Zum Urteil des Zivilgerichts in Den Haag, das den Niederlanden eine Mitverantwortung für den Tod von 300 der 8.000 Opfer des Massakers im bosnischen Srebrenica im Jahr 1995 gegeben hat, erklärt Marieluise Beck, Vorsitzende der deutsch-bosnischen Parlamentariergruppe im Deutschen Bundestag:
Die Entscheidung der UNO, in Srebrenica keine Gewalt einzusetzen, hat 8.000 Menschen das Leben gekostet. Die Niederlande war damals über das Versagen seiner Soldaten tief erschüttert. Doch dies ist keine Schuld der Niederlande allein. UN Generalsekretär Kofi Annan hatte damals verzweifelt nach Ländern gesucht, die bereit waren, Soldaten zu stellen, um die von der UN zur "Schutzzone" erklärte Enklave zu schützen. Keine Regierung kam dieser Bitte nach. Letztlich ließen sich die Niederländer breitschlagen und schickten 600 Soldaten. Doch weder das UN-Mandat noch die Ausrüstung der entsandten Schutztruppen reichten für einen effektiven Schutz aus. Das Morden von Srebrenica ist die Schuld einer Weltgemeinschaft, die die UN nicht ernst nimmt und ihre Aufgaben nicht so unterstützt, wie es nötig wäre.

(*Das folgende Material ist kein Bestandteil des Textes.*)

Theorem lemma4p2 (R : realType) (m n : nat) (Hmn : (0 < m + n)%N)
    (laurent : bool) (P : lmodType R[i]) (D : Kdata m n P)
    (HP : simple_Kmodule laurent D) (lam : {ffun 'I_n -> R[i]}) :
  (forall s : seq (P * basis R m n), tzero lam (sigma D lam (sigma D lam s)))
  /\
  (forall r : nat, (r <= m)%N -> (r != m -> lam = [ffun => 0]) ->
     ((forall s : seq (P * basis R m n),
          (forall x, x \in s -> inL r lam x.2) -> tzero lam (sigma D lam s))
      <-> (r = m /\ lam = [ffun => -1]))).
Proof.
case: HP => HK P_neq0 _; split=> [t|r rm lam0]; first exact: (sigma_sigma_eq0 HK t).
split=> [sigma_L0|[-> ->]]; last exact: (sigma_L_m1_eq0 HK).
have [rm'|r_neq_m] := eqVneq r m.
  split=> //; apply/eqP; apply: contraT => lam_neq; rewrite rm' in sigma_L0.
  by have [t t_in_L []] := sigma_L_top_neq0 HK P_neq0 lam_neq; apply: sigma_L0.
rewrite lam0 // in sigma_L0; have r_lt_m : (r < m)%N by rewrite ltn_neqAle r_neq_m.
by have [t t_in_L []] := sigma_L_low_neq0 HK P_neq0 r_lt_m; apply: sigma_L0.
Qed.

Hintergrund: Am 11. Juli 1995 nahmen die Tschetniks unter Führung von General Mladic die Stadt Srebrenica ein, in der seit 1993 rund 50.000 Menschen zusammengepfercht lebten (die Stadt hatte ursprünglich 6.000 Einwohner). Den Menschen wurde geraten, auf der UN Station Potocari, die etwa sechs Kilometer vor der Stadt lag, Schutz zu suchen. Die niederländischen Soldaten weigerten sich zunächst, die verängstigten Menschen auf den Platz zu lassen - nicht aus Bosheit sondern aus Angst und Überforderung. Sie baten die UN um Luftunterstützung. Die Flieger starteten in Sizilien und kreisten über dem Platz. Hoffnung bei den verzweifelten Flüchtlingen. Doch dann bogen sie wieder ab - angeblich hatte ein kaputtes Fax den Befehl nicht weitergeleitet. Was dann folgte, ist bekannt. Frauen und Kinder wurden in Busse verfrachtet und aus der Enklave nach Tuzla gebracht. Männer und männliche Jugendliche zwischen 13 und 78 Jahren wurden selektiert und in den Wäldern erschossen - vermutlich mehr als 8.000.